• HOW TO COMPLETE THIS TASK:
Retype the whole listing that follows, line for line.

++++ SUPPLIED MATERIAL ++++

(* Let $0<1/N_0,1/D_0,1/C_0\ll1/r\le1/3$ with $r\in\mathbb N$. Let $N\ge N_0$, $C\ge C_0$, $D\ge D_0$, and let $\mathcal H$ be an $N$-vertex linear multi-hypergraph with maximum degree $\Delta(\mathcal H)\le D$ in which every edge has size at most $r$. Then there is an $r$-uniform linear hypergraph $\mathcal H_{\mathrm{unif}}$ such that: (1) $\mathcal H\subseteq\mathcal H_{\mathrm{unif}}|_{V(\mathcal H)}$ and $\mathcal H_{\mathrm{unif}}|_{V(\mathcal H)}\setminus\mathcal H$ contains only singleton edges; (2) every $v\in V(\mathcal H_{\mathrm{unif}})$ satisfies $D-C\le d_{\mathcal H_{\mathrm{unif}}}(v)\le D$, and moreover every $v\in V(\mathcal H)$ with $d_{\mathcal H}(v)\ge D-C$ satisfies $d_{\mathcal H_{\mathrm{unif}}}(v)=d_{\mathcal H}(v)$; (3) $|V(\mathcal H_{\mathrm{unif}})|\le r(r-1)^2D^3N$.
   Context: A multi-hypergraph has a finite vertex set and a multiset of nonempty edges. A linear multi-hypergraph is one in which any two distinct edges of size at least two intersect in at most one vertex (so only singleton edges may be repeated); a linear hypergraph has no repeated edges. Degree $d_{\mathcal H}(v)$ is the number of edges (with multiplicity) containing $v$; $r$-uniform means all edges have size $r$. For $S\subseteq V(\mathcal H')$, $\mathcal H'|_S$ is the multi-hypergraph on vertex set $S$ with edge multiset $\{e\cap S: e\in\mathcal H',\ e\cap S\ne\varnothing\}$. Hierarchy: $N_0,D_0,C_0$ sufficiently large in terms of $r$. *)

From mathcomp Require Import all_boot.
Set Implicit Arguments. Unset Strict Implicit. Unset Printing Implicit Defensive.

++++

• REPLY TO THE TASK:
(* Let $0<1/N_0,1/D_0,1/C_0\ll1/r\le1/3$ with $r\in\mathbb N$. Let $N\ge N_0$, $C\ge C_0$, $D\ge D_0$, and let $\mathcal H$ be an $N$-vertex linear multi-hypergraph with maximum degree $\Delta(\mathcal H)\le D$ in which every edge has size at most $r$. Then there is an $r$-uniform linear hypergraph $\mathcal H_{\mathrm{unif}}$ such that: (1) $\mathcal H\subseteq\mathcal H_{\mathrm{unif}}|_{V(\mathcal H)}$ and $\mathcal H_{\mathrm{unif}}|_{V(\mathcal H)}\setminus\mathcal H$ contains only singleton edges; (2) every $v\in V(\mathcal H_{\mathrm{unif}})$ satisfies $D-C\le d_{\mathcal H_{\mathrm{unif}}}(v)\le D$, and moreover every $v\in V(\mathcal H)$ with $d_{\mathcal H}(v)\ge D-C$ satisfies $d_{\mathcal H_{\mathrm{unif}}}(v)=d_{\mathcal H}(v)$; (3) $|V(\mathcal H_{\mathrm{unif}})|\le r(r-1)^2D^3N$.
   Context: A multi-hypergraph has a finite vertex set and a multiset of nonempty edges. A linear multi-hypergraph is one in which any two distinct edges of size at least two intersect in at most one vertex (so only singleton edges may be repeated); a linear hypergraph has no repeated edges. Degree $d_{\mathcal H}(v)$ is the number of edges (with multiplicity) containing $v$; $r$-uniform means all edges have size $r$. For $S\subseteq V(\mathcal H')$, $\mathcal H'|_S$ is the multi-hypergraph on vertex set $S$ with edge multiset $\{e\cap S: e\in\mathcal H',\ e\cap S\ne\varnothing\}$. Hierarchy: $N_0,D_0,C_0$ sufficiently large in terms of $r$. *)

From mathcomp Require Import all_boot.
Set Implicit Arguments. Unset Strict Implicit. Unset Printing Implicit Defensive.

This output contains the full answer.